AIM OF THE EXERCISE — Please take the records that follow and repeat exactly the lines starting with the line with "x < Y x] = 0%E." and going on through the line with "by apply/funext => x /=; rewrite sumEFin.".
BEGIN DATA SECTION
(* Consider $N$ agents, all of whose neighborhoods are $\mathcal{N}(i)=\{1,\dots,N\}$ (fully connected debate graph), on a probability space with sub-$\sigma$-algebras $\mathcal{F}_{t-1}$. At round $t-1$ each agent $j$ emits random variables $y_{j,t-1}\in\{1,\dots,K\}$ and $w_{j,t-1}\in(0,1]$. Let $p_{j,t-1}=\Pr(y_{j,t-1}=1\mid\mathcal{F}_{t-1})$, $\rho_{j,t-1}=\mathbb{E}[w_{j,t-1}\mathbf{1}\{y_{j,t-1}=1\}\mid\mathcal{F}_{t-1}]/\mathbb{E}[w_{j,t-1}\mid\mathcal{F}_{t-1}]$, and $$q_{i,t-1}=\frac{\mathbb{E}\big[\sum_{j}w_{j,t-1}\mathbf{1}\{y_{j,t-1}=1\}\mid\mathcal{F}_{t-1}\big]}{\mathbb{E}\big[\sum_j w_{j,t-1}\mid\mathcal{F}_{t-1}\big]}.$$ Assume confidence is positively correlated with correctness: $\rho_{j,t-1}\ge p_{j,t-1}$ almost surely for all $j,t$, with strict inequality on a set of positive probability for at least one agent and round. Assume homogeneity: $p_{j,t-1}=p_{i,t-1}$ for all $j$. Then $q_{i,t-1}\ge p_{i,t-1}$, with strict inequality on a set of positive probability.
   Context: Option $1$ is the unique correct answer; $\mathcal{F}_{t-1}$ is the debate history up to round $t-1$; $w_{j,t-1}$ is agent $j$'s expressed confidence and $p_{j,t-1}$ its probability of answering correctly. *)

From HB Require Import structures.
From mathcomp Require Import all_boot all_order all_algebra.
From mathcomp Require Import all_classical all_reals all_analysis.
Set Implicit Arguments. Unset Strict Implicit. Unset Printing Implicit Defensive.
Import Order.TTheory GRing.Theory Num.Theory.
Local Open Scope classical_set_scope.
Local Open Scope ring_scope.

Section defs.
Context (d : measure_display) (T : measurableType d) (R : realType).

Definition is_sub_sigma_algebra (G : set (set T)) : Prop :=
  sigma_algebra setT G /\ (forall A, G A -> measurable A).

Definition G_measurable (G : set (set T)) (Y : T -> R) : Prop :=
  forall B : set R, measurable B -> G (Y @^-1` B).

(* Y is a version of the conditional expectation E[X | G] under P:
   Y is G-measurable, integrable, and has the same integral as X over every
   G-set (X is assumed integrable separately). *)
Definition cond_exp (P : probability T R) (G : set (set T)) (X Y : T -> R) : Prop :=
  [/\ G_measurable G Y,
      P.-integrable setT (EFin \o Y) &
      forall A, G A -> (\int[P]_(x in A) (Y x)%:E = \int[P]_(x in A) (X x)%:E)%E].

(* Indicator of the event {y = 1} (option 1 is the correct answer). *)
Definition ind1 (y : T -> nat) : T -> R := fun x => ((y x == 1%N) : nat)%:R.

End defs.
Arguments ind1 {d T R} y x.

From HB Require Import structures.
From mathcomp Require Import all_boot all_order all_algebra.
From mathcomp Require Import all_classical all_reals all_analysis.
From mathcomp Require Import measurable_realfun.
Import Order.TTheory GRing.Theory Num.Theory.
Local Open Scope classical_set_scope.
Local Open Scope ring_scope.

(* Conditional expectation is additive on nonnegative variables and maps
   positive variables to a.s. positive ones, so almost surely
   [Qnum = \sum_j num_j] and [Qden = \sum_j den_j] with every [den_j > 0].
   By homogeneity and positive correlation [p * den_j <= num_j] for all [j];
   summing over [j] gives [p <= Qnum / Qden], strictly wherever a single
   agent's inequality is strict. Hence, up to a null set, the event where
   agent [j0] is strictly positively correlated is contained in the event
   [p < q], which therefore has positive probability. *)

Lemma measurable_inv (R : realType) : measurable_fun [set: R] (GRing.inv : R -> R).
Proof.
rewrite -(setUv [set 0 : R]); apply/measurable_funU => //; first exact: measurableC.
split.
  apply: (eq_measurable_fun (cst (0 : R))); last exact: measurable_cst.
  by move=> x; rewrite inE /= => ->; rewrite invr0.
apply: open_continuous_measurable_fun; first exact/closed_openC/closed_eq.
by move=> x; rewrite inE /= => /eqP x0; exact: inv_continuous.
Qed.

Section measure_lemmas.
Context {d : measure_display} {T : measurableType d} {R : realType}
  (mu : measure T R).

Lemma measurable_lt_div (f g h : T -> R) :
  measurable_fun setT f -> measurable_fun setT g -> measurable_fun setT h ->
  measurable [set x | f x < g x / h x].
Proof.
move=> mf mg mh.
have mgh : measurable_fun setT (fun x => g x / h x - f x).
  by apply: measurable_funB => //; apply: measurable_funM => //;
    exact: measurableT_comp (measurable_inv R) mh.
have -> : [set x | f x < g x / h x] = (fun x => g x / h x - f x) @^-1` `]0, +oo[.
  by apply/seteqP; split => x /=; rewrite in_itv /= andbT subr_gt0.
by rewrite -[_ @^-1` _]setTI; exact: mgh.
Qed.

Lemma le_measure_ae (A B : set T) : measurable A -> measurable B ->
  {ae mu, forall x, A x -> B x} -> (mu A <= mu B)%E.
Proof.
move=> mA mB [N [mN N0 ABN]].
have AB : A `<=` B `|` N.
  move=> x Ax; have [Bx|nBx] := pselect (B x); first by left.
  by right; apply: ABN => /(_ Ax).
apply: le_trans (le_measure mu (mem_set mA) (mem_set (measurableU _ _ mB mN)) AB) _.
apply: le_trans (measureU2 mu mB mN) _; rewrite -[leRHS]adde0; apply: leeD => //.
by rewrite -N0.
Qed.

Lemma gt0_integral_le0_null {A : set T} (f : T -> R) :
  measurable A -> measurable_fun A f -> (forall x, A x -> 0 < f x) ->
  (\int[mu]_(x in A) (f x)%:E <= 0)%E -> mu A = 0%E.
Proof.
move=> mA mf f_gt0 int_le0.
have : (\int[mu]_(x in A) `|(f x)%:E| = 0)%E.
  rewrite (eq_integral (fun x => (f x)%:E)); last first.
    by move=> x /[!inE] Ax; rewrite gee0_abs // lee_fin ltW // f_gt0.
  apply/eqP; rewrite eq_le int_le0 /=; apply: integral_ge0 => x Ax.
  by rewrite lee_fin ltW // f_gt0.
move/(ae_eq_integral_abs mu mA ((measurable_EFinP _ _).2 mf)) => [N [mN N0 AN]].
apply/eqP; rewrite eq_le measure_ge0 andbT -N0 le_measure ?inE //.
by move=> x Ax; apply: AN => /= /(_ Ax) [] /eqP; rewrite gt_eqF // f_gt0.
Qed.

End measure_lemmas.

Lemma measurable_ind1 d (T : measurableType d) (R : realType) (y : T -> nat) :
  measurable (y @^-1` [set 1%N]) -> measurable_fun setT (ind1 y : T -> R).
Proof.
have -> : ind1 y = \1_(y @^-1` [set 1%N]) :> (T -> R).
  apply/funext => x; rewrite /ind1 indicE.
  by have [y1|/eqP y1] := eqVneq (y x) 1%N; [rewrite mem_set | rewrite memNset].
exact: measurable_indic.
Qed.

Section conditional_expectation.
Context {d : measure_display} {T : measurableType d} {R : realType}
  {P : probability T R} {G : set (set T)}.
Hypothesis subG : is_sub_sigma_algebra G.

Lemma sub_sigma_measurable {A : set T} : G A -> measurable A.
Proof. by case: subG => _; apply. Qed.

Lemma G_measurableP (Y : T -> R) :
  G_measurable G Y <-> measurable_fun (T := g_sigma_algebraType G) setT Y.
Proof.
have GE : <<s G >> = G by case: subG => sG _; exact: smallest_id.
split=> [GY _ B mB | mY B mB].
  by rewrite setTI /measurable /= GE; exact: GY.
by have := mY measurableT B mB; rewrite setTI /measurable /= GE.
Qed.

Lemma G_measurable_fun {Y : T -> R} : G_measurable G Y -> measurable_fun setT Y.
Proof. by move=> GY _ B mB; rewrite setTI; exact/sub_sigma_measurable/GY. Qed.

Lemma G_measurable_lt {Y Z : T -> R} : G_measurable G Y -> G_measurable G Z ->
  G [set x | Z x < Y x].
Proof.
move=> /G_measurableP mY /G_measurableP mZ.
have -> : [set x | Z x < Y x] = (Y \- Z) @^-1` `]0, +oo[.
  by apply/seteqP; split => x /=; rewrite in_itv /= andbT subr_gt0.
have /G_measurableP GYZ := measurable_funB mY mZ.
by apply: GYZ; exact: measurable_itv.
Qed.

Lemma G_measurable_sum {n} {Ys : 'I_n -> T -> R} :
  (forall j, G_measurable G (Ys j)) -> G_measurable G (fun x => \sum_(j < n) Ys j x).
Proof. by move=> GY; apply/G_measurableP/measurable_sum => j; exact/G_measurableP. Qed.

Lemma cond_exp_measurable {X Y : T -> R} :
  cond_exp P G X Y -> measurable_fun setT Y.
Proof. by case=> GY _ _; exact: G_measurable_fun. Qed.

Lemma cond_exp_lt_null {X Y Z : T -> R} :
  cond_exp P G X Y -> cond_exp P G X Z -> P [set x | Z x < Y x] = 0%E.
Proof.
move=> [GY iY eY] [GZ iZ eZ].
have GA := G_measurable_lt GY GZ; have mA := sub_sigma_measurable GA.
apply: (gt0_integral_le0_null P (Y \- Z)) => //.
- apply: measurable_funS (subsetT _) _ => //.
  exact: measurable_funB (G_measurable_fun GY) (G_measurable_fun GZ).
- by move=> x; rewrite /= subr_gt0.
have iAY : P.-integrable [set x | Z x < Y x] (EFin \o Y) by exact: integrableS iY.
have iAZ : P.-integrable [set x | Z x < Y x] (EFin \o Z) by exact: integrableS iZ.
under eq_integral do rewrite EFinB.
by rewrite integralB_EFin // eY // -eZ // subee // (integrable_fin_num mA iAZ).
Qed.

Lemma cond_exp_ae_unique {X Y Z : T -> R} :
  cond_exp P G X Y -> cond_exp P G X Z -> {ae P, forall x, Y x = Z x}.
Proof.
move=> ceY ceZ.
have null_lt U V : cond_exp P G X U -> cond_exp P G X V ->
    P.-negligible [set x | V x < U x].
  move=> ceU ceV; have [GU _ _] := ceU; have [GV _ _] := ceV.
  apply/negligibleP; first exact/sub_sigma_measurable/G_measurable_lt.
  exact: cond_exp_lt_null ceU ceV.
apply: negligibleS (negligibleU (null_lt _ _ ceY ceZ) (null_lt _ _ ceZ ceY)).
by move=> x /= /eqP; rewrite neq_lt => /orP[]; [right | left].
Qed.

Lemma cond_exp_sum {n} {Xs Ys : 'I_n -> T -> R} :
  (forall j, measurable_fun setT (Xs j)) -> (forall j x, 0 <= Xs j x) ->
  (forall j, cond_exp P G (Xs j) (Ys j)) ->
  cond_exp P G (fun x => \sum_(j < n) Xs j x) (fun x => \sum_(j < n) Ys j x).
Proof.
move=> mX X_ge0 ceY; split.
- by apply: G_measurable_sum => j; case: (ceY j).
- rewrite (_ : EFin \o _ = fun x => \sum_(j < n) (Ys j x)%:E).
    by apply: integrable_sum => // j _; case: (ceY j).
  by apply/funext => x /=; rewrite sumEFin.
move=> A GA; have mA := sub_sigma_measurable GA.
under eq_integral do rewrite -sumEFin.
under [RHS]eq_integral do rewrite -sumEFin.
rewrite integral_sum // => [|j]; last by case: (ceY j) => _ iY _; exact: integrableS iY.
rewrite ge0_integral_sum // => [|j|j x _]; last 2 first.
- by apply/measurable_EFinP; exact: measurable_funS measurableT (subsetT _) (mX j).
- by rewrite lee_fin.
by apply: eq_bigr => j _; case: (ceY j) => _ _ ->.
Qed.

Lemma cond_exp_gt0 {X Y : T -> R} :
  measurable_fun setT X -> (forall x, 0 < X x) -> cond_exp P G X Y ->
  {ae P, forall x, 0 < Y x}.
Proof.
move=> mX X_gt0 [GY iY eY].
have GA : G (Y @^-1` `]-oo, 0]) := GY _ (measurable_itv _).
have mA := sub_sigma_measurable GA.
exists (Y @^-1` `]-oo, 0]); split => //; last first.
  by move=> x /= /negP; rewrite in_itv /= leNgt.
apply: (gt0_integral_le0_null P X) => //.
  exact: measurable_funS measurableT (subsetT _) mX.
rewrite -eY // (eq_integral (fun x => - (- Y x)%:E)%E) => [|x _]; last first.
  by rewrite EFinN oppeK.
have Y_le0 x : (Y @^-1` `]-oo, 0]) x -> (0 <= (- Y x)%:E)%E.
  by rewrite /= in_itv /= lee_fin oppr_ge0.
by rewrite integral_ge0N // oppe_le0; exact: integral_ge0.
Qed.

Lemma cond_exp_sum_ae {n} {Xs Ys : 'I_n -> T -> R} {Q : T -> R} :
  (forall j, measurable_fun setT (Xs j)) -> (forall j x, 0 <= Xs j x) ->
  (forall j, cond_exp P G (Xs j) (Ys j)) ->
  cond_exp P G (fun x => \sum_(j < n) Xs j x) Q ->
  {ae P, forall x, Q x = \sum_(j < n) Ys j x}.
Proof.
by move=> mX X_ge0 ceY ceQ; exact: cond_exp_ae_unique ceQ (cond_exp_sum mX X_ge0 ceY).
Qed.

End conditional_expectation.

Section mediant.
Context (R : realFieldType) (n : nat) (num den : 'I_n -> R) (p : R).
Hypothesis den_gt0 : forall j, 0 < den j.
Hypothesis le_ratio : forall j, p <= num j / den j.

Lemma sum_den_gt0 (j0 : 'I_n) : 0 < \sum_j den j.
Proof.
rewrite (bigD1 j0) //= ltr_pwDl // sumr_ge0 // => j _; exact: ltW.
Qed.

Lemma le_mul_ratio j : p * den j <= num j.
Proof. by rewrite -ler_pdivlMr. Qed.

Lemma mediant_ge (j0 : 'I_n) : p <= (\sum_j num j) / (\sum_j den j).
Proof.
rewrite ler_pdivlMr ?(sum_den_gt0 j0) // mulr_sumr.
by apply: ler_sum => j _; exact: le_mul_ratio.
Qed.

Lemma mediant_gt (j0 : 'I_n) :
  p < num j0 / den j0 -> p < (\sum_j num j) / (\sum_j den j).
Proof.
rewrite !ltr_pdivlMr ?(sum_den_gt0 j0) // mulr_sumr => lt_j0.
rewrite (bigD1 j0) //= [X in _ < X](bigD1 j0) //= ltr_leD //.
by apply: ler_sum => j _; exact: le_mul_ratio.
Qed.

End mediant.

(* Rounds are indexed by t : nat (t stands for the paper's round t-1);
   agents by 'I_N (fully connected graph: every neighbourhood is all of 'I_N). *)
Theorem corollary1 (R : realType) (d : measure_display) (T : measurableType d)
  (P : probability T R) (N K : nat)
  (F : nat -> set (set T))
  (y : nat -> 'I_N -> T -> nat) (w : nat -> 'I_N -> T -> R)
  (pv num den : nat -> 'I_N -> T -> R) (Qnum Qden : nat -> T -> R) :
  (forall t, is_sub_sigma_algebra (F t)) ->
  (forall t j k, measurable (y t j @^-1` [set k])) ->
  (forall t j x, (1 <= y t j x <= K)%N) ->
  (forall t j, measurable_fun setT (w t j)) ->
  (forall t j x, 0 < w t j x <= 1) ->
  (forall t j, cond_exp P (F t) (ind1 (y t j)) (pv t j)) ->
  (forall t j, cond_exp P (F t) (fun x => w t j x * ind1 (y t j) x) (num t j)) ->
  (forall t j, cond_exp P (F t) (w t j) (den t j)) ->
  (forall t, cond_exp P (F t)
      (fun x => \sum_(j < N) w t j x * ind1 (y t j) x) (Qnum t)) ->
  (forall t, cond_exp P (F t) (fun x => \sum_(j < N) w t j x) (Qden t)) ->
  (* positive correlation: rho_{j,t} >= p_{j,t} a.s. *)
  (forall t j, {ae P, forall x, (pv t j x <= num t j x / den t j x)%R}) ->
  (* strict on a set of positive probability for some agent and round *)
  (exists t j, (0 < P [set x | (pv t j x < num t j x / den t j x)%R])%E) ->
  (* homogeneity *)
  (forall t i j, {ae P, forall x, (pv t j x = pv t i x)%R}) ->
  forall i : 'I_N,
    (forall t, {ae P, forall x, (pv t i x <= Qnum t x / Qden t x)%R}) /\
    (exists t, (0 < P [set x | (pv t i x < Qnum t x / Qden t x)%R])%E).
Proof.
move=> HF my _ mw hw Hpv Hnum Hden HQn HQd Hcorr [t0 [j0 Hstr]] Hhom i.
have w_gt0 t j x : 0 < w t j x by case/andP: (hw t j x).
have w_ge0 t j x : 0 <= w t j x := ltW (w_gt0 t j x).
have mwy t j : measurable_fun setT (fun x => w t j x * ind1 (y t j) x).
  by apply: measurable_funM => //; exact: measurable_ind1.
have wy_ge0 t j x : 0 <= w t j x * ind1 (y t j) x := mulr_ge0 (w_ge0 t j x) (ler0n _ _).
have ce_measurable t X Y : cond_exp P (F t) X Y -> measurable_fun setT Y.
  exact: (cond_exp_measurable (HF t)).
have good t : {ae P, forall x, [/\ Qnum t x = \sum_j num t j x,
    Qden t x = \sum_j den t j x, forall j, 0 < den t j x
    & forall j, pv t i x <= num t j x / den t j x]}.
  have Qn := cond_exp_sum_ae (HF t) (mwy t) (wy_ge0 t) (Hnum t) (HQn t).
  have Qd := cond_exp_sum_ae (HF t) (mw t) (w_ge0 t) (Hden t) (HQd t).
  have den_gt0 : {ae P, forall x, forall j, 0 < den t j x}.
    apply: filter_forall => j.
    exact: (cond_exp_gt0 (HF t) (mw t j) (w_gt0 t j) (Hden t j)).
  have corr : {ae P, forall x, forall j, pv t i x <= num t j x / den t j x}.
    by apply: filter_forall => j; apply: filterS2 (Hcorr t j) (Hhom t i j) => x + <-.
  have sums : {ae P, forall x,
      Qnum t x = \sum_j num t j x /\ Qden t x = \sum_j den t j x}.
    by apply: filterS2 Qn Qd => x; split.
  by apply: filterS3 sums den_gt0 corr => x [? ?] ? ?; split.
split=> [t|]; first by apply: filterS (good t) => x [-> -> ? ?]; exact: mediant_ge.
exists t0; apply: lt_le_trans Hstr _; apply: le_measure_ae.
- by apply: measurable_lt_div; apply: (ce_measurable t0);
    [exact: Hpv | exact: Hnum | exact: Hden].
- by apply: measurable_lt_div; apply: (ce_measurable t0);
    [exact: Hpv | exact: HQn | exact: HQd].
apply: filterS2 (good t0) (Hhom t0 i j0) => x [Qn Qd ? ?] hom.
by rewrite /= Qn Qd hom; exact: mediant_gt.
Qed.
END DATA SECTION
SOLVED EXERCISE —
  cond_exp P G X Y -> cond_exp P G X Z -> P [set x | Z x < Y x] = 0%E.
Proof.
move=> [GY iY eY] [GZ iZ eZ].
have GA := G_measurable_lt GY GZ; have mA := sub_sigma_measurable GA.
apply: (gt0_integral_le0_null P (Y \- Z)) => //.
- apply: measurable_funS (subsetT _) _ => //.
  exact: measurable_funB (G_measurable_fun GY) (G_measurable_fun GZ).
- by move=> x; rewrite /= subr_gt0.
have iAY : P.-integrable [set x | Z x < Y x] (EFin \o Y) by exact: integrableS iY.
have iAZ : P.-integrable [set x | Z x < Y x] (EFin \o Z) by exact: integrableS iZ.
under eq_integral do rewrite EFinB.
by rewrite integralB_EFin // eY // -eZ // subee // (integrable_fin_num mA iAZ).
Qed.

Lemma cond_exp_ae_unique {X Y Z : T -> R} :
  cond_exp P G X Y -> cond_exp P G X Z -> {ae P, forall x, Y x = Z x}.
Proof.
move=> ceY ceZ.
have null_lt U V : cond_exp P G X U -> cond_exp P G X V ->
    P.-negligible [set x | V x < U x].
  move=> ceU ceV; have [GU _ _] := ceU; have [GV _ _] := ceV.
  apply/negligibleP; first exact/sub_sigma_measurable/G_measurable_lt.
  exact: cond_exp_lt_null ceU ceV.
apply: negligibleS (negligibleU (null_lt _ _ ceY ceZ) (null_lt _ _ ceZ ceY)).
by move=> x /= /eqP; rewrite neq_lt => /orP[]; [right | left].
Qed.

Lemma cond_exp_sum {n} {Xs Ys : 'I_n -> T -> R} :
  (forall j, measurable_fun setT (Xs j)) -> (forall j x, 0 <= Xs j x) ->
  (forall j, cond_exp P G (Xs j) (Ys j)) ->
  cond_exp P G (fun x => \sum_(j < n) Xs j x) (fun x => \sum_(j < n) Ys j x).
Proof.
move=> mX X_ge0 ceY; split.
- by apply: G_measurable_sum => j; case: (ceY j).
- rewrite (_ : EFin \o _ = fun x => \sum_(j < n) (Ys j x)%:E).
    by apply: integrable_sum => // j _; case: (ceY j).
  by apply/funext => x /=; rewrite sumEFin.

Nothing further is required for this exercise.